4 Keys for Starting & Ending a Car Loan Without the Stress
Getting approved for an auto loan can excite you, but also put you on edge a bit. You can probably relate to the feeling. It’s exciting because you now know that there’s a means of paying for a car without starving yourself or draining your bank account. But it’s a bit nerve-wracking, because you also realize how much of a commitment it can be. In these days where life is getting less predictable, whether it’s from a lack of job security or a shaky economy, you probably wonder if a time will come when you’ll have difficulty paying off your bills and debts. And it’s understandable. Fortunately, there are ways to make all of these commitments affordable, including a newly approved car loan.
Loan: A Synonym for Burden?
There are certain terms that we associate as being burdensome. Mortgages, contracts, loans – you’d probably agree that after a while, getting your monthly statements for anyone of these things leads to sighs and eye rolls. After all, you’d probably want to see your money go towards something else. But wouldn’t you also agree that if you weren’t concerned about having enough money, making such payments wouldn’t stress you out as much?
Taking the weight off
- Make it affordable – You wouldn’t fret over the price of gum would you? No – it’s affordable. Although a loan will never be as cheap as a pack of Doublemint, you can feel as worry-free as you would be when buying gum if you make the loan affordable.
- Make it practical – When you NEED something, you’ll make sacrifices for it to have it or maintain it. So if you value your car, you’ll see it as a necessity, and will start to put non-essential expenses on the backburner.
- Make it flexible – Loans often make people feel boxed in. But the reality is that there is room for you to make them easier to commit to. In most cases, all it takes is for you to ask a lender the right questions.
Consider your income power
During the approval process, your lender is going to do a lot of snooping around to find out if you’re worth the risk. And that includes your income. You can stay a couple steps ahead, even sparing yourself from loan denial, by comparing your earnings with the size of the loan you want. It’s true that there are several variables that determine whether or not you can get approved, but your income does come into play. Lenders are pretty good at matching your income with the amount of money you want to borrow. If the suggested monthly payment seems unrealistic for you, then it will be an obstacle.
But affordability is something you should think of beforehand – it doesn’t take a lender to tell you what’s suitable for you. Take time to calculate a realistic monthly payment. If you can already see that it’s going to be a struggle, then that alone should tell you to reconsider.

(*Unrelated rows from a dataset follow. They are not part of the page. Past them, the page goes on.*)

(* For the FSPG iterates $(\mathbf{w}^{(k)})$, for every $k\ge0$, $$\Big\|\nabla\sum_{l=1}^L\tilde g_l(\mathbf{w}^{(k+1)},\mu^{(k+2)})-\nabla\sum_{l=1}^L\tilde g_l(\mathbf{w}^{(k)},\mu^{(k+1)})\Big\|_2\le\frac{\lambda_{\max}(\bar{\mathbf{X}}^\top\bar{\mathbf{X}})}{2\mu^{(k+1)}}\|\mathbf{w}^{(k+1)}-\mathbf{w}^{(k)}\|_2+\frac{n\sqrt{\lambda_{\max}(\bar{\mathbf{X}}^\top\bar{\mathbf{X}})}}{2}\cdot\frac{\mu^{(k+1)}-\mu^{(k+2)}}{\mu^{(k+2)}},$$ where $\nabla$ denotes the gradient with respect to $\mathbf{w}$.
   Context: Data: $L$ clients; client $l$ holds $y^{(l)}_1,\dots,y^{(l)}_{M_l}\in\mathbb{R}$ and $\bar{\mathbf{x}}^{(l)}_i=[(\mathbf{x}^{(l)}_i)^\top,1]^\top\in\mathbb{R}^{P+1}$; $n=\sum_l M_l$; $\bar{\mathbf{X}}\in\mathbb{R}^{(P+1)\times n}$ has all $\bar{\mathbf{x}}^{(l)}_i$ as columns; $\lambda_{\max}$ is the largest eigenvalue. Quantile level $\tau\in(0,1)$. Smoothing: $f(r,\mu)=|r|$ if $|r|\ge\mu$, $f(r,\mu)=\frac{r^2}{2\mu}+\frac{\mu}{2}$ if $|r|<\mu$; $\tilde g_l(\mathbf{w},\mu)=\frac12\sum_{i} f(y^{(l)}_i-(\bar{\mathbf{x}}^{(l)}_i)^\top\mathbf{w},\mu)+(\tau-\frac12)\sum_i(y^{(l)}_i-(\bar{\mathbf{x}}^{(l)}_i)^\top\mathbf{w})$. Penalty: $\lambda>0$, $P_{\lambda,\gamma}(\mathbf{w})=\sum_{p=1}^{P}g_{\lambda,\gamma}(w_p)$ with $g_{\lambda,\gamma}$ either MCP ($\gamma\ge1$): $\lambda|t|-\frac{t^2}{2\gamma}$ for $|t|\le\gamma\lambda$, $\frac{\gamma\lambda^2}{2}$ otherwise; or SCAD ($\gamma\ge2$): $\lambda|t|$ for $|t|\le\lambda$, $-\frac{t^2-2\gamma\lambda|t|+\lambda^2}{2(\gamma-1)}$ for $\lambda<|t|\le\gamma\lambda$, $\frac{(\gamma+1)\lambda^2}{2}$ for $|t|>\gamma\lambda$. FSPG algorithm: choose $\mathbf{w}^{(0)}\in\mathbb{R}^{P+1}$, $c>0$, $\beta>0$, $d\in(0,1)$; set $\sigma^{(k)}=ck^d$ and $\mu^{(k)}=\beta/k^d$ for $k\ge1$; for $k=0,1,2,\dots$ let $\mathbf{w}^{(k+1)}$ be a minimizer over $\mathbf{w}\in\mathbb{R}^{P+1}$ of $\sum_{l=1}^L\langle\nabla_{\mathbf{w}}\tilde g_l(\mathbf{w}^{(k)},\mu^{(k+1)}),\mathbf{w}-\mathbf{w}^{(k)}\rangle+nP_{\lambda,\gamma}(\mathbf{w})+\frac{\sigma^{(k+1)}}{2}\|\mathbf{w}-\mathbf{w}^{(k)}\|_2^2$. *)

From HB Require Import structures.
From mathcomp Require Import all_boot all_order all_algebra.
From mathcomp Require Import all_classical all_reals all_analysis.
Set Implicit Arguments. Unset Strict Implicit. Unset Printing Implicit Defensive.
Import Order.TTheory GRing.Theory Num.Theory.
Import numFieldNormedType.Exports.
Local Open Scope ring_scope.
Local Open Scope classical_set_scope.

Section FSPG.
Variable R : realType.

Definition dotv m (a b : 'rV[R]_m) : R := \sum_(j < m) a 0 j * b 0 j.
Definition norm2 m (a : 'rV[R]_m) : R := Num.sqrt (\sum_(j < m) a 0 j ^+ 2).

Definition grad m (F : 'rV[R]_m -> R) (w : 'rV[R]_m) : 'rV[R]_m :=
  \row_(j < m) ('D_(delta_mx 0 j) F w).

Consider your credit score
You don’t need to check your credit profile constantly since doing so might lead to a drop in your score. However, you can always keep an idea of where it is. For example, there are ways to estimate where it stands (such as the Experian Credit Tracker app which provides an educated guess). You might not land on the exact number, but you can have a solid idea as to where you stand (ie. excellent, good, fair) if you keep good track of your finances. Having such awareness will help you decide if it’s worth going for a certain loan or not. Just keep in mind, though, that your credit score isn’t the sole factor that will get you approved or denied for a loan.
Bigger down payments
If you want to do yourself a huge favour, put more money down on your auto loan. You’ve probably heard these words before, but it’s not always easy to follow. This is certainly true if you’re tempted to buy a new car you truly love at 0% down. With that said, if you’ve worked out the cost and it will be easy on your monthly budget, then by all means, go for it. You just have to be conscious of interest rates and depreciation.
But there’s also the idea of buying a car you can actually afford. The shiny new BMW or Audi may look great in your driveway, but the monthly statement can put a pin through your bubble, so-to-speak. Unlike a 50 inch smart T.V., which you can probably pay off rather quickly, a car is a major commitment, and you can easily pay more than the suggested price (add-ons, interest rates).
Refinance when possible
Earlier on, we mentioned the importance of making a loan flexible. You can do that by taking advantage of opportunities to refinance your loan, provided they are available to you. Doing so can make it much easier to pay for your vehicle in both the short and long term. Of course, you’ll want to look for the ideal times to refinance.
When should you refinance?
- When a lower interest rate than the one you’re currently paying is available
- If your credit score has improved over a period of time
- If you’re in a lengthy auto loan term ( 5 – 8+ years)
You should also be aware of times when refinancing is not so ideal. For example, if it ends up extending your loan, then you might want to skip out on it altogether. Also, if your current agreement is riddled with fees that might cancel out on any savings, it’s better to leave this option alone. But if these conditions don’t apply to you, it’s worth looking into refinancing.
A Load off Your Back
There’s no denying the mixed emotions that an auto loan can evoke. You might feel elated, contented, confident, nervous or even a bit intimidated. But even the feelings you’d consider negative have their purpose, and that’s to keep you grounded and responsible. Confidence – the feeling you really want to experience when signing a deal – is one you can feel if you prepare yourself for the loan commitment in advance. In fact, it’s safe to say that the people who have problems paying for a loan, are the ones who underestimate the costs, the limits of their budget and the long-term impact it would have on their finances. So don’t be like them. Understand what you’re getting into before signing the dotted lines!